Degrees in the Past

Ultimately, to change the media industries, we've got to change our universities.

For the past year, I’ve been taking a professional sabbatical. After 12 years of consulting full-time about new media with news industry executives, I accepted a one-year assignment to teach graduate school courses about new media business and experimental new media.

The reason I accepted the teaching assignment was certainly not for the money but because the majority of media company executives I’ve encountered during the past 12 years seemed incapable of grasping the fundamental changes underway in media. Even the newer ones, fresh out of school, seemed largely incapable of dealing with the changes underway. I wanted to travel upstream in their career path to see what could be done to train a new generation of media executives capable of comprehending and leading the future.

I expected to find university media school faculties to be full of people who want to upgrade their curricula for the 21st century; professors who needed some consulting help, much as media executives do. I expected to find university students who were avid users of new media and were confident of their mastery of those technologies.

What I found were faculties resistant to change and students whose insights and mastery of new media were being eroded by the authoritative resistance to change of so many professors.

It’s no secret where I’ve been teaching, and I’m not disparaging my school’s entire faculty. Perhaps a quarter of them are ardently trying to update media curricula to the 21st century.

But another quarter of the faculty is just as ardently trying to prevent any change. They’re obstructionists because they either deny things are changing (for example, one still thinks the Internet is a fad that will disappear) or they’ve grown too comfortable teaching the same curricula year after year for 20 or more years. They are tenured and so can’t be fired, and the doctrine of academic freedom allows them to teach whatever they see fit.
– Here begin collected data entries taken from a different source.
(* Under the standing setup, the difference in group means satisfies $$D=\frac{\delta_B+\delta_W}{(1-\gamma)\,\mathrm{Var}(X)} .$$ (In particular $0\le\gamma<1$, and $D$ has the same sign as $\delta_B+\delta_W$.)
   Context: Let $(X,Y,N)$ be a random triple with $X\in\{0,1\}$ (group membership), $Y$ a real-valued outcome, and $N$ taking values in a finite set $\mathcal N$ (neighborhoods). Write $p_n=\Pr(N=n)$, $X_n=\mathbb E[X\mid N=n]$, $Y_n=\mathbb E[Y\mid N=n]$, and let $X_N=\mathbb E[X\mid N]$, $Y_N=\mathbb E[Y\mid N]$ denote the corresponding random variables. Assume there exists $n\in\mathcal N$ with $p_n>0$ and $X_n\in(0,1)$. Fix reals $\underline Y\le\overline Y$ and assume $Y_n^x:=\mathbb E[Y\mid X=x,N=n]\in[\underline Y,\overline Y]$ whenever $\Pr(X=x,N=n)>0$. Group means: $Y^x=\mathbb E[Y\mid X=x]$ for $x\in\{0,1\}$, and $D=Y^1-Y^0$. Between-group association: $\delta_B=\mathbb E[\mathrm{Cov}(Y,X\mid N)]$. Within-group association: $\delta_W=\mathbb E[\mathrm{Cov}(Y,X_N\mid X)]$. Aggregation ratio: $\gamma=\mathrm{Var}(X_N)/\mathrm{Var}(X)$. *)

(* a general probability space (T, P) carrying
   X : T -> bool (group), Y : T -> R (outcome), N : T -> I (neighbourhood, I finite). *)
From mathcomp Require Import all_boot all_order all_algebra.
From mathcomp Require Import all_classical all_reals all_analysis.
Set Implicit Arguments. Unset Strict Implicit. Unset Printing Implicit Defensive.
Import Order.TTheory GRing.Theory Num.Theory.
Local Open Scope classical_set_scope.
Local Open Scope ring_scope.

(* Expectation of a real random variable (meaningful when integrable). *)
Definition Ex d (T : measurableType d) (R : realType) (P : probability T R)
  (f : T -> R) : R := fine (\int[P]_(w in setT) (f w)%:E).

Definition Pr d (T : measurableType d) (R : realType) (P : probability T R)
  (A : set T) : R := fine (P A).

Definition condE d (T : measurableType d) (R : realType) (P : probability T R)
  (f : T -> R) (A : set T) : R :=
  Ex P (fun w => f w * (\1_A w)) / Pr P A.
Meanwhile, the remaining half of the faculty would like to change and be up to date, but they resist taking steps to change, mainly because they don’t have the new skills and fear losing face before students or peers. Add those obstructionists to their number, and even basic changes can be voted down.

I initially suspected that most of the elder professors would be obstructionists, but I was surprised to find age isn’t that much of a factor. Although the youngest professors are for change, so are a great many of the oldest. It’s those aged in between who are most obstructive, those who worked in the media industries during the 1990s before entering academia.

During full-time consulting, I found that same obstructionist demographic to be true. The eldest in the media industries were often the most open to change, perhaps because they had a greater perspective than their peers. Executives in their 30s and 40s were most resistant to change. They wanted to continue doing what they’d learned in their 20s, what they’d mastered then, even if times had already changed.

Also, I’d initially suspected that the professors whose specialties were most affected by the Internet would be those most amenable to any change. I discovered otherwise. Although their department heads are avid for change, the majority of professors in the newspaper, magazine, and broadcast curricula are resistant or passively resistant.

Incoming students who are avid users of new media and confident of their mastery of those technologies have their confidence eroded by obstructionist professors who commandingly tell them new media skills aren’t important; that learning new technologies isn’t as important as learning the old theories and concepts, outdated concepts such as mass media theory, media companies as the gatekeepers of information, media companies as the agenda setters for communities, or that “content is king” (despite our living in digital republics).

I’ve lectured at dozens of media schools and I know that mine, despite what I’ve written here, is more progressive than most. However, I’ve discovered that the more prestigious the school, the more resistant it can be to change. Smaller, less prestigious schools adapt more quickly.

I’ve also discovered that media academics follow, rather than lead, their industries. Though schools of medicine, law, or engineering lead their industries, developing the new techniques and doctrines their industries use, this isn’t so with media and media schools. I realize that there are exceptions, but most schools of media still inculcate students to hew to the past, rather than sow the present or future.

Ultimately, to change our media industries, we’ve got to change what media schools teach.